In a later sequel set on the Hill of Tara (Stag Heart), a clootie well  and tree take on great significance.

I’d like to talk about the healing and purification, through the means of the clootie well and the clootie tree.

In Wakening Fire, the crippled Owen Sweeney MacNeill is taken to the sacred well each month by his loving wife, where she seeks to bathe his ruined legs in the holy waters. Later in that same novel, Owen is taken to sacred waters at Cloudy (Clóidigh) near Derry to bathe his legs. Later still, Caylith brews a “gruit,” or special herbal mix for Owen, using the branches of the hawthorn as well as other plants growing around the well.

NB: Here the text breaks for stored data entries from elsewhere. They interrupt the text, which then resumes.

Lemma in_S_kunz_set g S : in_S m g S ->
  exists k, [/\ S = kunz_set k, k 0 = 0, (forall r, 0 < r < m -> 0 < k r),
                kunz_ineqs k & \sum_(r < m) k r = g].
Proof.
case=> [[S0 SD [N SN]] [_ Sm S_small] [N' [SN' gaps]]].
have S_addm a j : S a -> S (a + j * m).
  by move=> Sa; elim: j => [|j IH]; rewrite ?addn0 // mulSn addnCA SD.
have ex r : exists q, S (q * m + r).
  by exists N; apply: SN; rewrite (leq_trans (leq_pmulr N m_gt0)) ?leq_addr.
pose k r := ex_minn (ex r).
have k_spec r : S (k r * m + r) /\ forall q, S (q * m + r) -> k r <= q.
  by rewrite /k; case: ex_minnP.
have SE : S =1 kunz_set k.
  move=> n; rewrite {1}(divn_eq n m) /kunz_set.
  have [Sk k_min] := k_spec (n %% m).
  apply/idP/idP => [/k_min // | le].
  by rewrite -(subnK le) mulnDl [_ * m + _ * m]addnC addnAC S_addm.
have k0 : k 0 = 0 by apply/eqP; rewrite -leqn0; apply: (k_spec 0).2.
exists k; split=> //.
- exact: functional_extensionality SE.
- move=> r r_range; rewrite lt0n; apply/eqP => kr0.
  by have := S_small r r_range; have := (k_spec r).1; rewrite kr0 => ->.
- by apply: kunz_ineqs_addr => a b; rewrite -!SE; apply: SD.
- have kN' n : N' <= n -> kunz_set k n by move=> /SN'; rewrite SE.
  by rewrite -gaps -(genus_kunz_set _ _ kN'); apply: eq_count => n; rewrite /= SE.
Qed.

End KunzCoordinates.

Definition kunz4 (t : nat * nat * nat) (r : nat) : nat :=
  let: (x, y, z) := t in match r with 1 => x | 2 => y | 3 => z | _ => 0 end.

Definition kunz4_cone (t : nat * nat * nat) : bool :=
  let: (x, y, z) := t in
  [&& 0 < x, 0 < y, 0 < z, y <= 2 * x, z <= x + y, y <= 2 * z + 1 & x <= y + z + 1].

Lemma kunz4_coneP t :
  reflect ((forall r, 0 < r < 4 -> 0 < kunz4 t r) /\ kunz_ineqs 4 (kunz4 t))
          (kunz4_cone t).
Proof.
case: t => [[x y] z]; apply: (iffP and4P) => [[x_gt0 y_gt0 z_gt0] | [k_gt0 kI]].
- move=> /and4P [yx zxy yz xyz]; split; first by case=> [|[|[|[|]]]].
  by case=> [|[|[|[|r]]]] // [|[|[|[|s]]]] //= _ _; lia.
- have := kI 1 1; have := kI 1 2; have := kI 3 3; have := kI 2 3.
  move=> /= /(_ isT isT) xyz /(_ isT isT) yz /(_ isT isT) zxy /(_ isT isT) yx.
  split; [exact: (k_gt0 1) | exact: (k_gt0 2) | exact: (k_gt0 3) |].
  by apply/and4P; split; lia.
Qed.

Lemma sum_kunz4 t : \sum_(r < 4) kunz4 t r = t.1.1 + t.1.2 + t.2.
Proof. by case: t => [[x y] z]; rewrite !big_ord_recr big_ord0 /= add0n. Qed.

Definition kunz4_triples (g : nat) : seq (nat * nat * nat) :=
  [seq t <- [seq (x, y, g - x - y) | y <- iota 0 g.+1, x <- iota 0 g.+1] | kunz4_cone t].

Lemma mem_kunz4_triples g t :
  (t \in kunz4_triples g) = kunz4_cone t && (t.1.1 + t.1.2 + t.2 == g).
Proof.
case: t => [[x y] z]; rewrite mem_filter.
case: (boolP (kunz4_cone _)) => // /and4P [_ _ z_gt0 _].
apply/allpairsP/eqP => [[[y0 x0] [_ _ [-> -> z_eq]]] | g_eq]; first by rewrite /=; lia.
rewrite /= in g_eq; exists (y, x); rewrite !mem_iota /=.
by split; [lia | lia | congr (_, _, _); lia].
Qed.

Lemma uniq_kunz4_triples g : uniq (kunz4_triples g).
Proof.
apply/filter_uniq/allpairs_uniq; try exact: iota_uniq.
by move=> [y1 x1] [y2 x2] _ _ /= [-> ->].
Qed.

Lemma card_in_S4 g : card_is (in_S 4 g) (size (kunz4_triples g)).
Proof.
exists (List.map (fun t => kunz_set 4 (kunz4 t)) (kunz4_triples g)); split.
- apply: List.NoDup_map_NoDup_ForallPairs; last exact/uniq_NoDup/uniq_kunz4_triples.
  move=> [[x1 y1] z1] [[x2 y2] z2] _ _ E.
  have E_at := @kunz_set_inj 4 isT _ _ (fun n => congr1 (fun P : pred nat => P n) E).
  by move: (E_at 1 isT) (E_at 2 isT) (E_at 3 isT) => /= -> -> ->.
- move=> S; split.
  + case/List.in_map_iff => t [<- /In_mem]; rewrite mem_kunz4_triples.
    case/andP => /kunz4_coneP [k_gt0 kI] /eqP <-; rewrite -sum_kunz4.
    by apply: kunz_set_in_S => //; case: t {k_gt0 kI} => [[]].
  + case/in_S_kunz_set => // k [-> k0 k_gt0 kI sum_k].
    set t := (k 1, k 2, k 3).
    have Ekt : kunz_set 4 (kunz4 t) = kunz_set 4 k.
      by apply: eq_kunz_set => // [[|[|[|[|r]]]]].
    apply/List.in_map_iff; exists t; split => //; apply/In_mem.
    rewrite mem_kunz4_triples; apply/andP; split.
    * apply/kunz4_coneP; split; first by move=> [|[|[|[|r]]]] // /k_gt0.
      by apply: kunz_ineqs_addr => // a b; rewrite Ekt; apply: kunz_set_addr.
    * by rewrite -sum_k !big_ord_recr big_ord0 /= k0.
- by rewrite List.length_map length_size.
Qed.

Definition kunz4_fiber (g y : nat) : nat :=
  if y == 0 then 0 else minn y.+1 (g.+1 - 2 * y).

Lemma count_kunz4_fiber g y : 4 <= g ->
  count (fun x => kunz4_cone (x, y, g - x - y)) (iota 0 g.+1) = kunz4_fiber g y.
Proof.
move=> g_ge4; rewrite /kunz4_fiber; case: eqP => [-> | /eqP y_neq0].
  by apply/eqP; rewrite -leqn0 leqNgt -has_count; apply/hasPn => x _; rewrite /= andbF.
have [y_small | y_large] := leqP (3 * y) g.
- rewrite (@eq_in_count _ _ (fun x => g.+1 %/ 2 - y <= x <= g.+1 %/ 2)).
    by rewrite count_iota_itv; lia.
  by move=> x; rewrite mem_iota /= => x_lt; lia.
- rewrite (@eq_in_count _ _ (fun x => y.+1 %/ 2 <= x <= (2 * g + 1 - 3 * y) %/ 2)).
    by rewrite count_iota_itv; lia.
  by move=> x; rewrite mem_iota /= => x_lt; lia.
Qed.

Lemma size_kunz4_triples g : 4 <= g ->
  size (kunz4_triples g) = \sum_(0 <= y < g.+1) kunz4_fiber g y.
Proof.
move=> g_ge4; rewrite size_filter count_allpairs; apply: eq_bigr => y _.
exact: count_kunz4_fiber.
Qed.

Lemma double_sum_succ n : 2 * \sum_(1 <= y < n.+1) y.+1 = n * (n + 3).
Proof.
elim: n => [|n IH]; first by rewrite big_geq.
by rewrite big_nat_recr //= mulnDr IH; lia.
Qed.

Lemma sum_sub_double c lo n : 2 * (lo + n) <= c + 2 ->
  \sum_(lo <= y < lo + n) (c - 2 * y) = n * (c.+1 - 2 * lo - n).
Proof.
elim: n => [|n IH] bound; first by rewrite addn0 big_geq.
rewrite addnS big_nat_recr ?leq_addr //= IH; last by lia.
nia.
Qed.

Lemma double_sum_kunz4_fiber g :
  2 * \sum_(0 <= y < g.+1) kunz4_fiber g y =
  g %/ 3 * (g %/ 3 + 3) + 2 * ((g %/ 2 - g %/ 3) * (g - g %/ 2 - g %/ 3)).
Proof.
set t := g %/ 3; set b := g %/ 2.
have t_le_b : t <= b by rewrite /t /b; lia.
have b_le_g : b <= g by rewrite /b; lia.
rewrite (big_cat_nat _ (n := b.+1)) // (big_cat_nat _ (n := t.+1)) //.
rewrite (big_cat_nat _ (n := 1)) // big_nat1.
rewrite [\sum_(b.+1 <= i < g.+1) _]big1_seq => [|y]; last first.
  by rewrite mem_index_iota /kunz4_fiber /b => /andP [? ?]; case: eqP => ?; lia.
rewrite (eq_big_nat _ _ (F2 := fun y => y.+1)) => [|y]; last first.
  by rewrite /kunz4_fiber /t => /andP [? ?]; case: eqP => ?; lia.
rewrite [\sum_(t.+1 <= i < b.+1) _](eq_big_nat _ _ (F2 := fun y => g.+1 - 2 * y))
  => [|y]; last first.
  by rewrite /kunz4_fiber /t /b => /andP [? ?]; case: eqP => ?; lia.
have -> : b.+1 = t.+1 + (b - t) by lia.
rewrite sum_sub_double; last by rewrite /t /b; lia.
rewrite /kunz4_fiber eqxx /= add0n addn0 mulnDr double_sum_succ; congr (_ + _).
by congr (2 * (_ * _)); lia.
Qed.

Local Open Scope ring_scope.

Lemma second_difference_eq0 (V : zmodType) (p : nat) (u : nat -> V) : (0 < p)%N ->
  (forall n, u (n + p * 2)%N + u n = u (n + p * 1)%N *+ 2) ->
  (forall n, (n < p * 2)%N -> u n = 0) -> forall n, u n = 0.
Proof.
move=> p_gt0 rec base; elim/ltn_ind => n IH.
have [/base // | n_large] := ltnP n (p * 2).
rewrite -(subnK n_large); have := rec (n - p * 2)%N.
rewrite (IH (n - p * 2)%N) ?(IH (n - p * 2 + p * 1)%N) ?addr0 ?mul0rn //; lia.
Qed.

Definition paper_formula (g : nat) : rat :=
  let G : rat := g%:R in
  let a := flr (G / 4) in
  let b := flr (G / 2) in
  let c := flr ((G + 5) / 6) in
  let d := flr ((G + 2) / 6) in
  let e := flr ((G + 2) / 4) in
  let f := flr ((G + 1) / 2) in
  let h := cil ((2 * G - 3) / 8) in
  let k := cil ((2 * G - 7) / 8) in
  - G + 5/2 * a + b + 1/2 * c + G * c - c * b - 3/2 * c ^+ 2
  - G * a + 3/2 * a ^+ 2 + a * b - 1/2 * d + d * b - 3/2 * d ^+ 2
  + 1/2 * e + 3/2 * e ^+ 2 - e * b + f * b - f * h + f
  - k * b + k * h - k.

Definition closed_count (g : nat) : rat :=
  let G : rat := g%:R in
  let t := flr (G / 3) in
  let b := flr (G / 2) in
  (t * (t + 3) + 2 * ((b - t) * (G - b - t))) / 2.

Lemma flr_natr_div (n d : nat) : (0 < d)%N -> flr (n%:R / d%:R) = (n %/ d)%:R.
Proof.
move=> d_gt0; rewrite /flr (@floor_def _ _ (n %/ d)%:Z) //.
have d_pos : (0 : rat) < d%:R by rewrite ltr0n.
rewrite intrD !pmulrn -natrD ler_pdivlMr // ltr_pdivrMr // -!natrM ler_nat ltr_nat.
by have := divn_eq n d; have := ltn_pmod n d_gt0; lia.
Qed.

Lemma flr_shift (x y : rat) (n : nat) : y = x + n%:R -> flr y = flr x + n%:R.
Proof.
by move->; rewrite /flr floorDrz ?natr_int // intrD -[n%:R]/((n%:Z)%:~R) intrKfloor.
Qed.

Lemma cil_shift (x y : rat) (n : nat) : y = x + n%:R -> cil y = cil x + n%:R.
Proof.
by move->; rewrite /cil ceilDrz ?natr_int // intrD -[n%:R]/((n%:Z)%:~R) intrKceil.
Qed.

Definition formula_gap (g : nat) : rat := paper_formula g - closed_count g.

Lemma formula_gap_second_difference (g : nat) :
  formula_gap (g + 24 * 2) + formula_gap g = formula_gap (g + 24 * 1) *+ 2.
Proof.
rewrite /formula_gap /paper_formula /closed_count; set G := g%:R.
have sa k : flr ((g + 24 * k)%:R / 4) = flr (G / 4) + (6 * k)%:R.
  by apply: flr_shift; rewrite natrD !natrM; field.
have sb k : flr ((g + 24 * k)%:R / 2) = flr (G / 2) + (12 * k)%:R.
  by apply: flr_shift; rewrite natrD !natrM; field.
have st k : flr ((g + 24 * k)%:R / 3) = flr (G / 3) + (8 * k)%:R.
  by apply: flr_shift; rewrite natrD !natrM; field.
have sc k : flr (((g + 24 * k)%:R + 5) / 6) = flr ((G + 5) / 6) + (4 * k)%:R.
  by apply: flr_shift; rewrite natrD !natrM; field.
have sd k : flr (((g + 24 * k)%:R + 2) / 6) = flr ((G + 2) / 6) + (4 * k)%:R.
  by apply: flr_shift; rewrite natrD !natrM; field.
have se k : flr (((g + 24 * k)%:R + 2) / 4) = flr ((G + 2) / 4) + (6 * k)%:R.
  by apply: flr_shift; rewrite natrD !natrM; field.
have sf k : flr (((g + 24 * k)%:R + 1) / 2) = flr ((G + 1) / 2) + (12 * k)%:R.
  by apply: flr_shift; rewrite natrD !natrM; field.
have sh k : cil ((2 * (g + 24 * k)%:R - 3) / 8) = cil ((2 * G - 3) / 8) + (6 * k)%:R.
  by apply: cil_shift; rewrite natrD !natrM; field.
have sk k : cil ((2 * (g + 24 * k)%:R - 7) / 8) = cil ((2 * G - 7) / 8) + (6 * k)%:R.
  by apply: cil_shift; rewrite natrD !natrM; field.
by rewrite !(sa, sb, st, sc, sd, se, sf, sh, sk) !natrD !natrM; field.
Qed.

In Wynn’s mind, the way to cleanse himself is through the common means of a clootie well, a well filled with water sacred to a spirit or a local goddess. In another novel, a young woman in pain, about to bear a child, travels to a  clootie tree to pray to the goddess Brighid. For centuries, folks throughout the celtic world would cleanse a diseased or malformed part of their body in the sacred water. After the advent of Christianity, when the wells’ spirit was transposed to a saint or other religious figure, the wells became the focus of folk pilgrimages.

The word “clootie” or “clougthie” is actually Scotttish Gaelic meaning “cloth” or  “clothing.”

The tradition of dipping rags or cloths into sacred water is apparently a very old one found throughout modern celtic locales–Scotland, Ireland, the Isle of Man, Cornwall, Wales, and other places. Those seeking purification would dip a strip of cloth in the water, then apply it to the affected body part. After hanging the cloth on a nearby tree–in Ireland, usually a hawthorn–they would leave it to the elements. They believed that by the time the sun had bleached it and the passage of time had cleaned it, the part of the body it had touched would be cured by the attendant spirit or goddess.

Usually, the wells one sees today are adorned with Christian crosses, and there are areas designated for pilgrims to leave tokens. Originally, however, the wells were probably declared “holy of holies” by some attendant druid or representative of  the spirit that watched over the  healing waters.

Photo by J. Champion 8.29.2006

The well pictured here, left, is from a site called Madron in Cornwall. The large cross, called the Boswarthen Cross, is located nearby.

Photo by J. Champion 8.29.2006

There are scores of sacred wells throughout the countries commonly called “celtic.” But sadly, many of them are beginning to disappear–usually through the ignorance of people, but often enough because of the lack of local laws preserving such precious sites from urban development.

An example of such desecration is the recent complete ruin of the Well of St. Brigid in Co. Dublin, Ireland, razed to make way for a building work. An article in Wikipedia mentions the destruction of such a well at Rath Lugh in the Tara-Skyrne Valley of Ireland that has recently been razed during the construction of a motorway.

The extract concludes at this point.